<<<<

Section SmallFace.
Hypothesis conn : map_connected a n.
Hypothesis genus0_an : genus0 a n.
Hypothesis no_prism : forall N, ~ is_prism a n N.

(* by symmetry it suffices to consider edges at distance at most flen e / 2 <= 3 *)
Lemma small_face_big_edges e j : flen e <= 6 -> 0 < j -> j.*2 <= flen e ->
  big (a e) -> big (a (iter j f e)) -> False.
Proof.
move=> e6 j0 jK b0 bj; have e3 := flen_ge3 e.
have : j = 1 \/ j = 2 \/ j = 3 by lia.
case=> [jE | [jE | jE]]; rewrite jE /= in bj jK.
- exact: big_consecutive_edges b0 bj.
- have [e4 | e5] : flen e = 4 \/ 4 < flen e <= 6 by lia.
    exact: rung_contra conn genus0_an no_prism (And3 e4 b0 bj).
  exact: big_edges_dist2 e5 b0 bj.
- by apply: big_edges_dist3_contra b0 bj; lia.
Qed.

Lemma small_face_big_edges_eq e e' : flen e <= 6 -> big (a e) -> big (a e') ->
  fconnect f e e' -> e' = e.
Proof.
move=> e6 b b' ee'; have jK := findex_max ee'; have ej := iter_findex ee'.
move: (findex f e e') jK ej => j jK ej; have {}jK : j < flen e := jK.
have [j0 | j0] := posnP j; first by rewrite -ej j0.
exfalso; have [jK2 | jK2] := leqP j.*2 (flen e).
  by apply: (small_face_big_edges e6 j0 jK2 b); rewrite ej.
have e'e : iter (flen e - j) f e' = e by rewrite -ej -iterD subnK ?iter_flen // ltnW.
have fe' : flen e' = flen e by rewrite (flen_fconnect ee').
apply: (@small_face_big_edges e' (flen e - j)); rewrite ?fe' ?e'e //; lia.
Qed.

Lemma edge_small_big_face x k s : big s -> flen k <= 6 ->
  edge_on_face a n x k -> edge_on_face a n x s ->
  exists e, [/\ fconnect a x e, fconnect f k e & fconnect f s (a e)].
Proof.
move=> Hs Hk /orP [xk | xk] /orP [xs | xs].
- by have := flen_fconnect xk; have := flen_fconnect xs; lia.
- by exists x; split.
- by exists (a x); split; [apply: fconnect1 | | rewrite aK].
- by have := flen_fconnect xk; have := flen_fconnect xs; lia.
Qed.

Lemma small_face_big_neighbours s s' k d d' :
  big s -> big s' -> flen k <= 6 ->
  edge_on_face a n d k -> edge_on_face a n d s ->
  edge_on_face a n d' k -> edge_on_face a n d' s' ->
  fconnect f s s' /\ fconnect a d d'.
Proof.
move=> Hs Hs' Hk dk ds d'k d's'.
have [e [de ke se]] := edge_small_big_face Hs Hk dk ds.
have [e' [d'e' ke' s'e']] := edge_small_big_face Hs' Hk d'k d's'.
have ee' : fconnect f e e'.
  by apply: connect_trans ke'; rewrite (fconnect_sym fperm_inj).
have e6 : flen e <= 6 by rewrite -(flen_fconnect ke).
have ae : big (a e) by rewrite -(flen_fconnect se).
have ae' : big (a e') by rewrite -(flen_fconnect s'e').
have e'E := small_face_big_edges_eq e6 ae ae' ee'.
split.
- by apply: connect_trans se _; rewrite (fconnect_sym fperm_inj) -e'E.
- by apply: connect_trans de _; rewrite (fconnect_sym a_inj) -e'E.
Qed.

End SmallFace.
End PCCMap.

Theorem lemma2p5 (T : finType) (a n : T -> T) (s s' k d d' : T) :
  planar_PCC a n ->
  (20 <= flen a n s)%N -> (20 <= flen a n s')%N -> (flen a n k <= 6)%N ->
  edge_on_face a n d k -> edge_on_face a n d s ->
  edge_on_face a n d' k -> edge_on_face a n d' s' ->
  fconnect (fperm a n) s s' /\ fconnect a d d'.
Proof.
move=> [[[n_inj aK a_fixfree] conn g0 [no_loop no_multi]] [curv deg3 no_pr]].
apply: (small_face_big_neighbours n_inj aK a_fixfree no_loop no_multi curv deg3 conn g0).
by move=> N; case: (no_pr N).
Qed.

>>>>

WHAT NEEDS TO BE DONE:
Could you reproduce every record above exactly as it stands?

PROBLEM SOLUTION:
Section SmallFace.
Hypothesis conn : map_connected a n.
Hypothesis genus0_an : genus0 a n.
Hypothesis no_prism : forall N, ~ is_prism a n N.

(* by symmetry it suffices to consider edges at distance at most flen e / 2 <= 3 *)
Lemma small_face_big_edges e j : flen e <= 6 -> 0 < j -> j.*2 <= flen e ->
  big (a e) -> big (a (iter j f e)) -> False.
Proof.
move=> e6 j0 jK b0 bj; have e3 := flen_ge3 e.
have : j = 1 \/ j = 2 \/ j = 3 by lia.
case=> [jE | [jE | jE]]; rewrite jE /= in bj jK.
- exact: big_consecutive_edges b0 bj.
- have [e4 | e5] : flen e = 4 \/ 4 < flen e <= 6 by lia.
    exact: rung_contra conn genus0_an no_prism (And3 e4 b0 bj).
  exact: big_edges_dist2 e5 b0 bj.
- by apply: big_edges_dist3_contra b0 bj; lia.
Qed.

Lemma small_face_big_edges_eq e e' : flen e <= 6 -> big (a e) -> big (a e') ->
  fconnect f e e' -> e' = e.
Proof.
move=> e6 b b' ee'; have jK := findex_max ee'; have ej := iter_findex ee'.
move: (findex f e e') jK ej => j jK ej; have {}jK : j < flen e := jK.
have [j0 | j0] := posnP j; first by rewrite -ej j0.
exfalso; have [jK2 | jK2] := leqP j.*2 (flen e).
  by apply: (small_face_big_edges e6 j0 jK2 b); rewrite ej.
have e'e : iter (flen e - j) f e' = e by rewrite -ej -iterD subnK ?iter_flen // ltnW.
have fe' : flen e' = flen e by rewrite (flen_fconnect ee').
apply: (@small_face_big_edges e' (flen e - j)); rewrite ?fe' ?e'e //; lia.
Qed.

Lemma edge_small_big_face x k s : big s -> flen k <= 6 ->
  edge_on_face a n x k -> edge_on_face a n x s ->
  exists e, [/\ fconnect a x e, fconnect f k e & fconnect f s (a e)].
Proof.
move=> Hs Hk /orP [xk | xk] /orP [xs | xs].
- by have := flen_fconnect xk; have := flen_fconnect xs; lia.
- by exists x; split.
- by exists (a x); split; [apply: fconnect1 | | rewrite aK].
- by have := flen_fconnect xk; have := flen_fconnect xs; lia.
Qed.

Lemma small_face_big_neighbours s s' k d d' :
  big s -> big s' -> flen k <= 6 ->
  edge_on_face a n d k -> edge_on_face a n d s ->
  edge_on_face a n d' k -> edge_on_face a n d' s' ->
  fconnect f s s' /\ fconnect a d d'.
Proof.
move=> Hs Hs' Hk dk ds d'k d's'.
have [e [de ke se]] := edge_small_big_face Hs Hk dk ds.
have [e' [d'e' ke' s'e']] := edge_small_big_face Hs' Hk d'k d's'.
have ee' : fconnect f e e'.
  by apply: connect_trans ke'; rewrite (fconnect_sym fperm_inj).
have e6 : flen e <= 6 by rewrite -(flen_fconnect ke).
have ae : big (a e) by rewrite -(flen_fconnect se).
have ae' : big (a e') by rewrite -(flen_fconnect s'e').
have e'E := small_face_big_edges_eq e6 ae ae' ee'.
split.
- by apply: connect_trans se _; rewrite (fconnect_sym fperm_inj) -e'E.
- by apply: connect_trans de _; rewrite (fconnect_sym a_inj) -e'E.
Qed.

End SmallFace.
End PCCMap.

Theorem lemma2p5 (T : finType) (a n : T -> T) (s s' k d d' : T) :
  planar_PCC a n ->
  (20 <= flen a n s)%N -> (20 <= flen a n s')%N -> (flen a n k <= 6)%N ->
  edge_on_face a n d k -> edge_on_face a n d s ->
  edge_on_face a n d' k -> edge_on_face a n d' s' ->
  fconnect (fperm a n) s s' /\ fconnect a d d'.
Proof.
move=> [[[n_inj aK a_fixfree] conn g0 [no_loop no_multi]] [curv deg3 no_pr]].
apply: (small_face_big_neighbours n_inj aK a_fixfree no_loop no_multi curv deg3 conn g0).
by move=> N; case: (no_pr N).
Qed.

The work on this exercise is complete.